Why Make This Recipe
You should make this cornbread recipe because it is quick, easy, and requires just a few ingredients that you probably already have at home. The combination of cornmeal and flour creates a perfect texture, while the brown sugar and honey add just the right sweetness. Plus, it is great for any occasion—whether a holiday gathering or a cozy family dinner.
How to Make My Favorite Cornbread
Ingredients
- 1 cup (120g) fine cornmeal
- 1 cup (125g) all-purpose flour (spooned & leveled)
- 1 teaspoon baking powder
- 1/2 teaspoon baking soda
- 1/8 teaspoon salt
- 1/2 cup (8 Tbsp; 113g) unsalted butter, melted and slightly cooled
- 1/3 cup (67g) packed light or dark brown sugar
- 2 Tablespoons (30ml) honey
- 1 large egg, at room temperature
- 1 cup (240ml) buttermilk, at room temperature
Directions
- Preheat your oven to 400°F (204°C). Grease and lightly flour a 9-inch square baking pan. Set it aside.

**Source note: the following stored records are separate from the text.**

(* Let $P=(U,R)$ be a partial order. Then $P$ is a linear order if and only if $NC(P)$ is a chain graph.
   Context: For $U=\{u_1,\dots,u_n\}$ and a disjoint copy $V=\{v_1,\dots,v_n\}$, $NC(P)=(U,V,E)$ is the bipartite graph with $u_iv_j\in E$ iff $u_i\le_P u_j$ (i.e. $u_i<_Pu_j$ or $i=j$). A bipartite graph is a chain graph if, for any two vertices in the same color class, one neighborhood contains the other. A linear order is a partial order in which every two distinct elements are comparable. *)

From HB Require Import structures.
From mathcomp Require Import all_boot.
Set Implicit Arguments. Unset Strict Implicit. Unset Printing Implicit Defensive.

Definition partial_order (T : finType) (le : rel T) : Prop :=
  reflexive le /\ antisymmetric le /\ transitive le.

Definition linear_order (T : finType) (le : rel T) : Prop :=
  partial_order le /\ forall x y : T, x != y -> le x y || le y x.

Record bigraph := BiGraph {
  bg_left : finType;
  bg_right : finType;
  bg_edge : bg_left -> bg_right -> bool }.

Definition nbhd_left (G : bigraph) (a : bg_left G) : {set bg_right G} :=
  [set b | bg_edge a b].
Definition nbhd_right (G : bigraph) (b : bg_right G) : {set bg_left G} :=
  [set a | bg_edge a b].

Definition chain_graph (G : bigraph) : Prop :=
  (forall a1 a2 : bg_left G,
      (nbhd_left a1 \subset nbhd_left a2) || (nbhd_left a2 \subset nbhd_left a1)) /\
  (forall b1 b2 : bg_right G,
      (nbhd_right b1 \subset nbhd_right b2) || (nbhd_right b2 \subset nbhd_right b1)).

(* Disjoint copy V of the ground set U = T. *)
Inductive vcopy (T : Type) := VCopy of T.
Definition vcopy_val (T : Type) (v : vcopy T) : T := let: VCopy x := v in x.
Lemma vcopy_valK (T : Type) : cancel (@vcopy_val T) (@VCopy T).
Proof. by case. Qed.
HB.instance Definition _ (T : finType) := Finite.copy (vcopy T) (can_type (@vcopy_valK T)).

Definition NC (T : finType) (le : rel T) : bigraph :=
  @BiGraph T (vcopy T) (fun u v => le u (vcopy_val v)).

From mathcomp Require Import all_boot.

Set Implicit Arguments.

(* Neighbourhoods in NC(P) are up-sets (on the U side) and down-sets (on the V
   side) of P, so they are nested exactly when the points are comparable.
   Totality gives nestedness by transitivity; conversely, v_y ∈ N(u_y) by
   reflexivity, so N(u_y) ⊆ N(u_x) forces x <= y. *)

Section NestedNeighbourhoods.

Variables (T : finType) (le : rel T).

Lemma NC_nbhd_left_antitone : transitive le ->
  forall x y, le x y -> nbhd_left (G := NC le) y \subset nbhd_left (G := NC le) x.
Proof.
move=> le_tr x y le_xy; apply/subsetP => v; rewrite !inE /=.
exact: le_tr le_xy.
Qed.

Lemma NC_nbhd_right_monotone : transitive le ->
  forall x y, le x y ->
  nbhd_right (G := NC le) (VCopy x) \subset nbhd_right (G := NC le) (VCopy y).
Proof.
move=> le_tr x y le_xy; apply/subsetP => u; rewrite !inE /= => le_ux.
exact: le_tr le_ux le_xy.
Qed.

Lemma NC_nbhd_left_subset_le : reflexive le ->
  forall x y, nbhd_left (G := NC le) y \subset nbhd_left (G := NC le) x -> le x y.
Proof.
move=> le_refl x y /subsetP sub_yx.
by have := sub_yx (VCopy y); rewrite !inE /= le_refl; apply.
Qed.

Lemma total_NC_chain_graph : transitive le -> total le -> chain_graph (NC le).
Proof.
move=> le_tr le_total; split => [x y | [x] [y]].
  by case/orP: (le_total x y) => /(NC_nbhd_left_antitone le_tr) ->; rewrite ?orbT.
by case/orP: (le_total x y) => /(NC_nbhd_right_monotone le_tr) ->; rewrite ?orbT.
Qed.

Lemma NC_chain_graph_total : reflexive le -> chain_graph (NC le) -> total le.
Proof.
move=> le_refl [nested_left _] x y.
by case/orP: (nested_left x y) => /(NC_nbhd_left_subset_le le_refl) ->; rewrite ?orbT.
Qed.

Lemma linear_order_iff_total : partial_order le -> linear_order le <-> total le.
Proof.
move=> po; split=> [[_ le_total] x y | le_total]; last by split=> // x y _.
by case: (eqVneq x y) => [-> | /le_total //]; rewrite (proj1 po).
Qed.

End NestedNeighbourhoods.

Theorem lemma9 (T : finType) (le : rel T) :
  partial_order le -> (linear_order le <-> chain_graph (NC le)).
Proof.
move=> po; have [le_refl [_ le_tr]] := po.
split=> [/(linear_order_iff_total po) | /(NC_chain_graph_total le_refl)].
- exact: total_NC_chain_graph.
- by move/(linear_order_iff_total po).
Qed.
(* Let $\Gamma$ be a connected locally finite graph with at most countably many vertices, $G<\mathrm{Aut}(\Gamma)$, and $G_1\supset G_2\supset\cdots$ a decreasing sequence of closed normal subgroups of $G$ with $G/G_i$ amenable and $\bigcap_i G_i=\{1\}$. Let $\pi_i:\Gamma\to\Gamma/G_i$ be the quotient maps and let $D_1\subset D_2\subset\cdots$ be connected subgraphs of $\Gamma$ with $\bigcup_i D_i=\Gamma$ such that $\pi_i$ restricted to the edge set of $D_i$ is a bijection onto the edge set of $\Gamma/G_i$. For each $i$ let $\mathcal{G}_i$ be a random subgraph (random subset of edges) of $\Gamma/G_i$, let $\tilde{\mathcal{G}}_i=\pi_i^{-1}(\mathcal{G}_i)$, and let $\hat{\mathcal{G}}_i$ be the random subgraph of $\Gamma$ contained in $D_i$ that agrees with $\tilde{\mathcal{G}}_i$ on $D_i$ (i.e. $\hat{\mathcal{G}}_i=\tilde{\mathcal{G}}_i\cap E(D_i)$). Let $\mathcal{G}$ be a random subgraph of $\Gamma$. Then $\tilde{\mathcal{G}}_i\to\mathcal{G}$ in the weak* sense if and only if $\hat{\mathcal{G}}_i\to\mathcal{G}$ in the weak* sense.
   Context: The quotient graph $\Gamma/G_i$ has as vertices the $G_i$-orbits of vertices of $\Gamma$, and for each $G_i$-orbit $[e]$ of edges of $\Gamma$ with endpoints in orbits $[v],[w]$ it has an edge $[e]$ joining $[v]$ and $[w]$; $\pi_i$ sends vertices and edges to their orbits. Random subgraphs of $\Gamma$ are random elements of $2^{E(\Gamma)}$ (product topology); $\mathcal{G}_i\to\mathcal{G}$ weak* means the laws converge in the weak* topology on Borel probability measures on $2^{E(\Gamma)}$, equivalently $\Pr(B\subset\mathcal{G}_i)\to\Pr(B\subset\mathcal{G})$ for every finite $B\subset E(\Gamma)$. *)

From HB Require Import structures.
From mathcomp Require Import all_boot all_order all_algebra.
From mathcomp Require Import all_classical all_reals all_analysis.

Set Implicit Arguments.
Unset Strict Implicit.
Unset Printing Implicit Defensive.

Import Order.TTheory GRing.Theory Num.Theory.
Local Open Scope classical_set_scope.
Local Open Scope ring_scope.

(* Graphs.  A (multi)graph Gamma has vertex type V, edge type E and an  *)
(* endpoint map ends : E -> V * V (the order of the pair is irrelevant: *)
(* the endpoint set of e is {(ends e).1, (ends e).2}).                   *)

Definition endset {V E : Type} (ends : E -> V * V) (e : E) : set V :=
  [set (ends e).1; (ends e).2].

Definition adj_in {V E : Type} (ends : E -> V * V) (A : set E) (u v : V) : Prop :=
  exists e, A e /\ (ends e = (u, v) \/ ends e = (v, u)).

Inductive reach {V : Type} (r : V -> V -> Prop) : V -> V -> Prop :=
  | reach_refl x : reach r x x
  | reach_step x y z : r x y -> reach r y z -> reach r x z.

Definition graph_connected {V E : Type} (ends : E -> V * V) : Prop :=
  forall u v : V, reach (adj_in ends setT) u v.

Definition locally_finite {V E : Type} (ends : E -> V * V) : Prop :=
  forall v : V, finite_set [set e | endset ends e v].

Definition connected_subgraph {V E : Type} (ends : E -> V * V)
  (DV : set V) (DE : set E) : Prop :=
  (forall e, DE e -> endset ends e `<=` DV) /\
  (forall u v, DV u -> DV v -> reach (adj_in ends DE) u v).

Definition aut (V E : Type) := ((V -> V) * (E -> E))%type.

Definition acomp {V E : Type} (g h : aut V E) : aut V E := (g.1 \o h.1, g.2 \o h.2).

Definition aid {V E : Type} : aut V E := (id, id).

Definition is_aut {V E : Type} (ends : E -> V * V) (g : aut V E) : Prop :=
  bijective g.1 /\ bijective g.2 /\
  forall e, endset ends (g.2 e) = g.1 @` endset ends e.

Definition is_subgroup {V E : Type} (H : set (aut V E)) : Prop :=
  H aid /\
  (forall g h, H g -> H h -> H (acomp g h)) /\
  (forall g, H g -> exists h, H h /\ acomp h g = aid /\ acomp g h = aid).

Definition normal_in {V E : Type} (G N : set (aut V E)) : Prop :=
  forall g n h, G g -> N n -> G h -> acomp h g = aid ->
    N (acomp (acomp g n) h).

Definition agree_on {V E : Type} (FV : set V) (FE : set E) (g h : aut V E) : Prop :=
  (forall v, FV v -> g.1 v = h.1 v) /\ (forall e, FE e -> g.2 e = h.2 e).

(* N is closed in G for the topology of pointwise convergence on the
   (discrete) sets of vertices and edges *)
Definition closed_in {V E : Type} (G N : set (aut V E)) : Prop :=
  forall g, G g ->
    (forall (FV : set V) (FE : set E), finite_set FV -> finite_set FE ->
       exists n, N n /\ agree_on FV FE g n) ->
    N g.

(* Bounded right-uniformly continuous functions on the topological group
   G/N, viewed as N-invariant functions on G.  A basic neighbourhood of 1
   in G is the pointwise stabiliser of a finite window (FV, FE); right
   uniform continuity: |f(u y) - f(y)| < eps for u in that neighbourhood. *)
Definition rucb_quot {R : realType} {V E : Type} (G N : set (aut V E))
  (f : aut V E -> R) : Prop :=
  (exists M : R, forall x, G x -> `|f x| <= M) /\
  (forall x n, G x -> N n -> f (acomp x n) = f x) /\
  (forall eps : R, 0 < eps -> exists (FV : set V) (FE : set E),
     finite_set FV /\ finite_set FE /\
     forall u y, G u -> G y -> agree_on FV FE u aid ->
       `|f (acomp u y) - f y| < eps).

Definition amenable_quot {R : realType} {V E : Type} (G N : set (aut V E)) : Prop :=
  exists m : (aut V E -> R) -> R,
    (forall f h (a b : R), rucb_quot G N f -> rucb_quot G N h ->
       m (fun x => a * f x + b * h x) = a * m f + b * m h) /\
    (forall f, rucb_quot G N f -> (forall x, G x -> 0 <= f x) -> 0 <= m f) /\
    m (fun _ => 1) = 1 /\
    (forall f g, rucb_quot G N f -> G g -> m (fun x => f (acomp g x)) = m f).

(* Quotient graph Gamma/N: its edges are the N-orbits of edges.         *)

Definition orbitE {V E : Type} (N : set (aut V E)) (e : E) : set E :=
  [set g.2 e | g in N].

Definition qedge {V E : Type} (N : set (aut V E)) : Type :=
  {S : set E | exists e, S = orbitE N e}.

Definition pi_edge {V E : Type} (N : set (aut V E)) (e : E) : qedge N :=
  exist (fun S => exists e', S = orbitE N e') (orbitE N e) (ex_intro _ e erefl).

(* Weak* convergence of random subgraphs of Gamma (random subsets of E), *)
(* via the characterisation Pr(B \subset G_i) -> Pr(B \subset G) for all *)
(* finite B \subset E (as in the paper's definition).                    *)

Definition cvg_weak_star {R : realType} {E : Type}
  {d : measure_display} {Omega : nat -> measurableType d}
  {d0 : measure_display} {Omega0 : measurableType d0}
  (P : forall i, probability (Omega i) R) (X : forall i, Omega i -> set E)
  (P0 : probability Omega0 R) (Y : Omega0 -> set E) : Prop :=
  forall B : set E, finite_set B ->
    (fun i => P i [set w | B `<=` X i w]) @ \oo --> P0 [set w | B `<=` Y w].

(** Every finite edge set B lies in D_i for all large i, because the D_i
    increase to E(Gamma); for such i the random sets pi_i^-1(G_i) and
    pi_i^-1(G_i) ∩ E(D_i) contain B on the same event, so the two sequences of
    probabilities Pr(B ⊆ .) eventually coincide and have the same limits. *)

From HB Require Import structures.
From mathcomp Require Import all_boot all_order all_algebra.
From mathcomp Require Import all_classical all_reals all_analysis.
From mathcomp Require Import finmap.
Local Open Scope classical_set_scope.

Lemma finite_sub_bigcup_near (T : Type) (D : nat -> set T) (B : set T) :
  (forall n, D n `<=` D n.+1) -> finite_set B -> B `<=` \bigcup_n D n ->
  \forall n \near \oo, B `<=` D n.
Proof.
move=> /(homo_leq (@subset_refl _) (fun _ _ _ => @subset_trans _ _ _ _)) D_homo.
move=> /(@finite_fsetP {classic T}) [F ->] FD.
have D_near (x : {classic T}) : x \in F -> \forall n \near \oo, D n x.
  move=> /FD [k _ Dkx].
  by apply: filterS (nbhs_infty_ge k) => n /D_homo; apply.
exact: filter_bigI eventually_filter D_near.
Qed.

Lemma cvg_weak_star_near_eq (R : realType) (E : Type)
  (d : measure_display) (Omega : nat -> measurableType d)
  (d0 : measure_display) (Omega0 : measurableType d0)
  (P : forall i, probability (Omega i) R) (X X' : forall i, Omega i -> set E)
  (P0 : probability Omega0 R) (Y : Omega0 -> set E) :
  (forall B, finite_set B -> \forall i \near \oo,
     P i [set w | B `<=` X i w] = P i [set w | B `<=` X' i w]) ->
  cvg_weak_star P X P0 Y <-> cvg_weak_star P X' P0 Y.
Proof.
move=> PXX'; split=> cvgX B finB; apply: cvg_trans (cvgX B finB).
  exact: near_eq_cvg (PXX' B finB).
by apply: near_eq_cvg; apply: filterS (PXX' B finB).
Qed.

Theorem lemma4p2 (R : realType) (V : countType) (E : Type) (ends : E -> V * V)
  (Gamma_conn : graph_connected ends) (Gamma_lf : locally_finite ends)
  (G : set (aut V E)) (HGaut : G `<=` is_aut ends) (HGsub : is_subgroup G)
  (Gi : nat -> set (aut V E))
  (HGi : forall i, Gi i `<=` G /\ is_subgroup (Gi i) /\
                   normal_in G (Gi i) /\ closed_in G (Gi i))
  (HGdec : forall i, Gi i.+1 `<=` Gi i)
  (HGamen : forall i, @amenable_quot R V E G (Gi i))
  (HGtriv : forall g, (forall i, Gi i g) -> g = aid)
  (DV : nat -> set V) (DE : nat -> set E)
  (HDconn : forall i, connected_subgraph ends (DV i) (DE i))
  (HDinc : forall i, DV i `<=` DV i.+1 /\ DE i `<=` DE i.+1)
  (HDV : \bigcup_i DV i = setT) (HDE : \bigcup_i DE i = setT)
  (HDbij : forall i, set_bij (DE i) setT (pi_edge (Gi i)))
  (d : measure_display) (Omega : nat -> measurableType d)
  (P : forall i, probability (Omega i) R)
  (X : forall i, Omega i -> set (qedge (Gi i)))
  (HX : forall i (q : qedge (Gi i)), measurable [set w | X i w q])
  (d0 : measure_display) (Omega0 : measurableType d0) (P0 : probability Omega0 R)
  (Y : Omega0 -> set E) (HY : forall e, measurable [set w | Y w e]) :
  cvg_weak_star P (fun i w => pi_edge (Gi i) @^-1` X i w) P0 Y <->
  cvg_weak_star P (fun i w => (pi_edge (Gi i) @^-1` X i w) `&` DE i) P0 Y.
Proof.
apply: cvg_weak_star_near_eq => B finB.
have BDE : B `<=` \bigcup_i DE i by rewrite HDE.
near=> i.
have BDEi : B `<=` DE i.
  by near: i; exact: finite_sub_bigcup_near (fun i => (HDinc i).2) finB BDE.
congr (P i _); apply/seteqP; split=> w /=; rewrite subsetI.
- by move=> BX; split.
- by case.
Unshelve. all: by end_near.
Qed.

- In a large bowl, whisk together the cornmeal, flour, baking powder, baking soda, and salt. Set this mixture aside.
- In a medium bowl, whisk the melted butter, brown sugar, and honey together until smooth and thick. Then, add the egg and whisk until fully combined. Finally, whisk in the buttermilk.
- Pour the wet mixture into the dry ingredients and whisk until everything is combined. Be careful not to over-mix.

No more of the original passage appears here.